*** Data section ***

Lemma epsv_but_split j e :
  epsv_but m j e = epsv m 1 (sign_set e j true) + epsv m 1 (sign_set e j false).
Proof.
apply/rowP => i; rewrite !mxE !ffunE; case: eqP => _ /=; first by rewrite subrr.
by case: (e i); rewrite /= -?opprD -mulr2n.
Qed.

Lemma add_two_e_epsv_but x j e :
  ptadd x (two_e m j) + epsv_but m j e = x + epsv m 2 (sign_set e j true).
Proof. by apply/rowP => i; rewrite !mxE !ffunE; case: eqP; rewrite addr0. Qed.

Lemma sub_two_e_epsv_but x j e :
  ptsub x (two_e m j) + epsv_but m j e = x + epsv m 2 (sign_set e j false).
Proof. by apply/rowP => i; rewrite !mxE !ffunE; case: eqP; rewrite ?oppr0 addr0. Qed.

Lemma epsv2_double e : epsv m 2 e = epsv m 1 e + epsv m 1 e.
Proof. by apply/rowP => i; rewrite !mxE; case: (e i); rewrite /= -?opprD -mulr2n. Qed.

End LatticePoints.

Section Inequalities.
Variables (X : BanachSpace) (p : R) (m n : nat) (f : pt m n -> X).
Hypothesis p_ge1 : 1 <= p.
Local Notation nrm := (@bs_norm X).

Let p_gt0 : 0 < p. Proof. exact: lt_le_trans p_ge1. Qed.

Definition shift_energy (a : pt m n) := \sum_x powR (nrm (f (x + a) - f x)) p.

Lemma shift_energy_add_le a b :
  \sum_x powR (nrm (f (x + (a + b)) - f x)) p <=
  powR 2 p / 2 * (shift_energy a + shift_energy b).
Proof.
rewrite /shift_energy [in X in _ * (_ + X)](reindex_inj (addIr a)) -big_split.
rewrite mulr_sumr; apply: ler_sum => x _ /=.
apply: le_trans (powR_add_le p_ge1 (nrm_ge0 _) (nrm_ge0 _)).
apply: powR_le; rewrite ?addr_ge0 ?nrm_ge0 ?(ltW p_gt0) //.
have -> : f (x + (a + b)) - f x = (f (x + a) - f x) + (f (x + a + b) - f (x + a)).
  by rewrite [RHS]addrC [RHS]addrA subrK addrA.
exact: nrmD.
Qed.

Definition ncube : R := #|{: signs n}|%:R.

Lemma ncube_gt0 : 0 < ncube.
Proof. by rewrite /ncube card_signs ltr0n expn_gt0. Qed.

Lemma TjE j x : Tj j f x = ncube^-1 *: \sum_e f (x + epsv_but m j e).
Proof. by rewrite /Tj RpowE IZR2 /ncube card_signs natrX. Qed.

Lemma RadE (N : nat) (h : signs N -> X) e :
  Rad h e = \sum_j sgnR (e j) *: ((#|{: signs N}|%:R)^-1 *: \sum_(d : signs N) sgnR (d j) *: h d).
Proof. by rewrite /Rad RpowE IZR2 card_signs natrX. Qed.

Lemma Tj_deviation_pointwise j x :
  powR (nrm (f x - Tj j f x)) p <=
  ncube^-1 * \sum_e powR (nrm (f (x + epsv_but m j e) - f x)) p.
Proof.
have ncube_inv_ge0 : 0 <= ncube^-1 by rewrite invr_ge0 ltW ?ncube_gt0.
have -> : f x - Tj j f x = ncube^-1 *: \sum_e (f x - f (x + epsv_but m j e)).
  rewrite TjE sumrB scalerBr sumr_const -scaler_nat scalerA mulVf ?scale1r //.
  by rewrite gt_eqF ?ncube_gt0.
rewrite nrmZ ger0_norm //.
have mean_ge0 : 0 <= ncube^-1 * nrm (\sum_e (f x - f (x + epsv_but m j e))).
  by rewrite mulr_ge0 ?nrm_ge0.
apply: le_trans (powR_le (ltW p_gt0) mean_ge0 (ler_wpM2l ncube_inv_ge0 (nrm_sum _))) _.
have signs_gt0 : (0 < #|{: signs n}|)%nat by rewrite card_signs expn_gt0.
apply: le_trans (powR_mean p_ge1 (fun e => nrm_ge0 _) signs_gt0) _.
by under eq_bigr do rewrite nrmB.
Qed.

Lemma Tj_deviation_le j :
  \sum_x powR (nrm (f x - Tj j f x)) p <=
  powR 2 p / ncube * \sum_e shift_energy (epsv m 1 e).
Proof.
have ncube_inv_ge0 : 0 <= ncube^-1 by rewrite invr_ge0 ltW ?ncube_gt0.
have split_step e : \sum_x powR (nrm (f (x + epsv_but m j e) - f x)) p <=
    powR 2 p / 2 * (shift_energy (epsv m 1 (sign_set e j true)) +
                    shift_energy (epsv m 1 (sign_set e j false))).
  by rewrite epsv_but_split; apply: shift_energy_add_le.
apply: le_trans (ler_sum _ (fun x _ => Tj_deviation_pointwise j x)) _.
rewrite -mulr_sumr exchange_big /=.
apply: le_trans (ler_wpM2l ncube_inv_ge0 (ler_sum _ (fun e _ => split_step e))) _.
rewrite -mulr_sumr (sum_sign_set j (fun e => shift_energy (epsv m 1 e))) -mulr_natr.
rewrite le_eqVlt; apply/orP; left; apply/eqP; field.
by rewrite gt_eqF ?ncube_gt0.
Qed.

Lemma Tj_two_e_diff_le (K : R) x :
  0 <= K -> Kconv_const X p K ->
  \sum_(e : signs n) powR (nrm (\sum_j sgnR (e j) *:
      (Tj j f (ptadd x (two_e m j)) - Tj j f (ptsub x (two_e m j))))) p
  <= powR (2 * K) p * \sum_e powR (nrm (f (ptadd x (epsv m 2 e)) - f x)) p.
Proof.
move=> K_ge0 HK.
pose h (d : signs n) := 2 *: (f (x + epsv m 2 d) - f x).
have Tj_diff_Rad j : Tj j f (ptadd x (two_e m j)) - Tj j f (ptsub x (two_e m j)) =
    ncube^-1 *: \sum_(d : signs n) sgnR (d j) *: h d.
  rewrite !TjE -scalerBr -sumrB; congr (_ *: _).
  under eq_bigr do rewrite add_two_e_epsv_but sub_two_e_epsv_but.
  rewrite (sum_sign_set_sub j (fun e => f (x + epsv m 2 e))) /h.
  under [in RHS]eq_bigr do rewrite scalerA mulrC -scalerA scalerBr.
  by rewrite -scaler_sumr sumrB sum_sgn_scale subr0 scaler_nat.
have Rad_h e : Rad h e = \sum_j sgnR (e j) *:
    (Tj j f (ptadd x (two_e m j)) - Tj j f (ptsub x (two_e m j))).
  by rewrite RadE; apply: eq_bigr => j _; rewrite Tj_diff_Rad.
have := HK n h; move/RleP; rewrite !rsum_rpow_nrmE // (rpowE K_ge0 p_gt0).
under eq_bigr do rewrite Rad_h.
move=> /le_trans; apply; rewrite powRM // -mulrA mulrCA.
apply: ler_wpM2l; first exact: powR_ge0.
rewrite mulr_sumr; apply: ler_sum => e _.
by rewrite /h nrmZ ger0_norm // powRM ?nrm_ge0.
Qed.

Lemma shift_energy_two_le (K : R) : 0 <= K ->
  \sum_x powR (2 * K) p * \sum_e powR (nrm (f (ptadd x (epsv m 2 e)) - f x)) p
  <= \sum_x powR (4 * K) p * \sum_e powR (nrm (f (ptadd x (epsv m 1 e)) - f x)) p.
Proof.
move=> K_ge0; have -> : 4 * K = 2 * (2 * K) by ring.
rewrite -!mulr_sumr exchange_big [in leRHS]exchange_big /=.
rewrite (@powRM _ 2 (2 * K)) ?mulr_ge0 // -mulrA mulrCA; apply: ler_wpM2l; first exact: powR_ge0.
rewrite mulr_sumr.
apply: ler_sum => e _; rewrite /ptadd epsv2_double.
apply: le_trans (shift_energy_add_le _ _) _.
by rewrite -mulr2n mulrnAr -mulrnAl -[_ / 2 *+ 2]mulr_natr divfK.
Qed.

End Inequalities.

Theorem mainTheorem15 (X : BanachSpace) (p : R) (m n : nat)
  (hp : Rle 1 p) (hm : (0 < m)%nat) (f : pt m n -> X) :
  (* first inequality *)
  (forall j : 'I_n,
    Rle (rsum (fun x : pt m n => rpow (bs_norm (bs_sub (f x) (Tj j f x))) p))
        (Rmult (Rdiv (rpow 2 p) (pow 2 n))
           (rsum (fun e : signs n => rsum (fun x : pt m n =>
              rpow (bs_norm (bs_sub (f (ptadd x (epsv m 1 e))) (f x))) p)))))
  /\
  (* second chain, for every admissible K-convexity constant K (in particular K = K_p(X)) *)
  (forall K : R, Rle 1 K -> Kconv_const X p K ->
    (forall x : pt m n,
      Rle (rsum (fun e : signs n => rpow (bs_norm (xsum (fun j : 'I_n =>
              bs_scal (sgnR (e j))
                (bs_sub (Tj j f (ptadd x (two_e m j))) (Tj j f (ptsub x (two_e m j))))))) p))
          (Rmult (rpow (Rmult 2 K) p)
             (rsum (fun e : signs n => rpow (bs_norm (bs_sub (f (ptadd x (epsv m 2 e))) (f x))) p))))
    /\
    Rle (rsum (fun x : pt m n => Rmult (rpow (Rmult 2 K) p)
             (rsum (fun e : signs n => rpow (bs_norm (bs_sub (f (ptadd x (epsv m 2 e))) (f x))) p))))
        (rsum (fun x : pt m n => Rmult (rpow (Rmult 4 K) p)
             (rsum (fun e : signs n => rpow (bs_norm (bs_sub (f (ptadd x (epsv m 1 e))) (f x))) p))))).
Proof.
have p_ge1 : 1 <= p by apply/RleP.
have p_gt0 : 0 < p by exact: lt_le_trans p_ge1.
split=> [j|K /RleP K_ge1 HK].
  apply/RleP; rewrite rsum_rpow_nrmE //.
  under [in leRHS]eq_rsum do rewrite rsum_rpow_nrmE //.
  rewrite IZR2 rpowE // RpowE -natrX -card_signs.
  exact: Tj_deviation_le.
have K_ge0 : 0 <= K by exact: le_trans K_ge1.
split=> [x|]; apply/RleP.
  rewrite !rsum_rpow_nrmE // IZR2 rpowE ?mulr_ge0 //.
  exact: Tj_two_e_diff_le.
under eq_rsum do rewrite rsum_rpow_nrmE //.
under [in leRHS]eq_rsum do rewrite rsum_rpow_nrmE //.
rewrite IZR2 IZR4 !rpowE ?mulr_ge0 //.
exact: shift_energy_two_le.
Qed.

*** End of Data section ***

### Exercise aim:
All lines holding the word "true" must be copied from the data.

### Result:
  epsv_but m j e = epsv m 1 (sign_set e j true) + epsv m 1 (sign_set e j false).
  ptadd x (two_e m j) + epsv_but m j e = x + epsv m 2 (sign_set e j true).
    powR 2 p / 2 * (shift_energy (epsv m 1 (sign_set e j true)) +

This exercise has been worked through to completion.